Lemma ereal_le_conv (b : \bar R) x y l : (x%:E <= b)%E -> (y%:E <= b)%E -> 0 <= l <= 1 ->
  (((1 - l) * x + l * y)%:E <= b)%E.
Proof.
move=> + + /andP[l0 l1]; case: b => [r hx hy|_ _|]; last by rewrite leeNy_eq.
  rewrite !lee_fin in hx hy *.
  have : (1 - l) * x <= (1 - l) * r by apply: ler_wpM2l => //; lra.
  have : l * y <= l * r by apply: ler_wpM2l.
  nra.
by rewrite leey.
Qed.

Lemma closed_ereal_ge (T : topologicalType) (g : T -> R) (b : \bar R) : continuous g ->
  closed [set x | (b <= (g x)%:E)%E].
Proof.
move=> cg; case: b => [r| |].
- have -> : [set x | (r%:E <= (g x)%:E)%E] = g @^-1` [set s | r <= s].
    by apply/seteqP; split => x /=; rewrite lee_fin.
  exact: (continuous_closedP g).1 cg _ (@closed_ge _ r).
- have -> : [set x | (+oo <= (g x)%:E)%E] = set0.
    by apply/seteqP; split => x //=; rewrite leye_eq.
  exact: closed0.
- have -> : [set x | (-oo <= (g x)%:E)%E] = setT.
    by apply/seteqP; split => x //= _; rewrite leNye.
  exact: closedT.
Qed.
^^^^
**Aim of the exercise:** In the records, which lines mention the word "rewrite"? Copy those lines.

**Exercise answer:**
move=> + + /andP[l0 l1]; case: b => [r hx hy|_ _|]; last by rewrite leeNy_eq.
  rewrite !lee_fin in hx hy *.
by rewrite leey.
    by apply/seteqP; split => x /=; rewrite lee_fin.
    by apply/seteqP; split => x //=; rewrite leye_eq.
    by apply/seteqP; split => x //= _; rewrite leNye.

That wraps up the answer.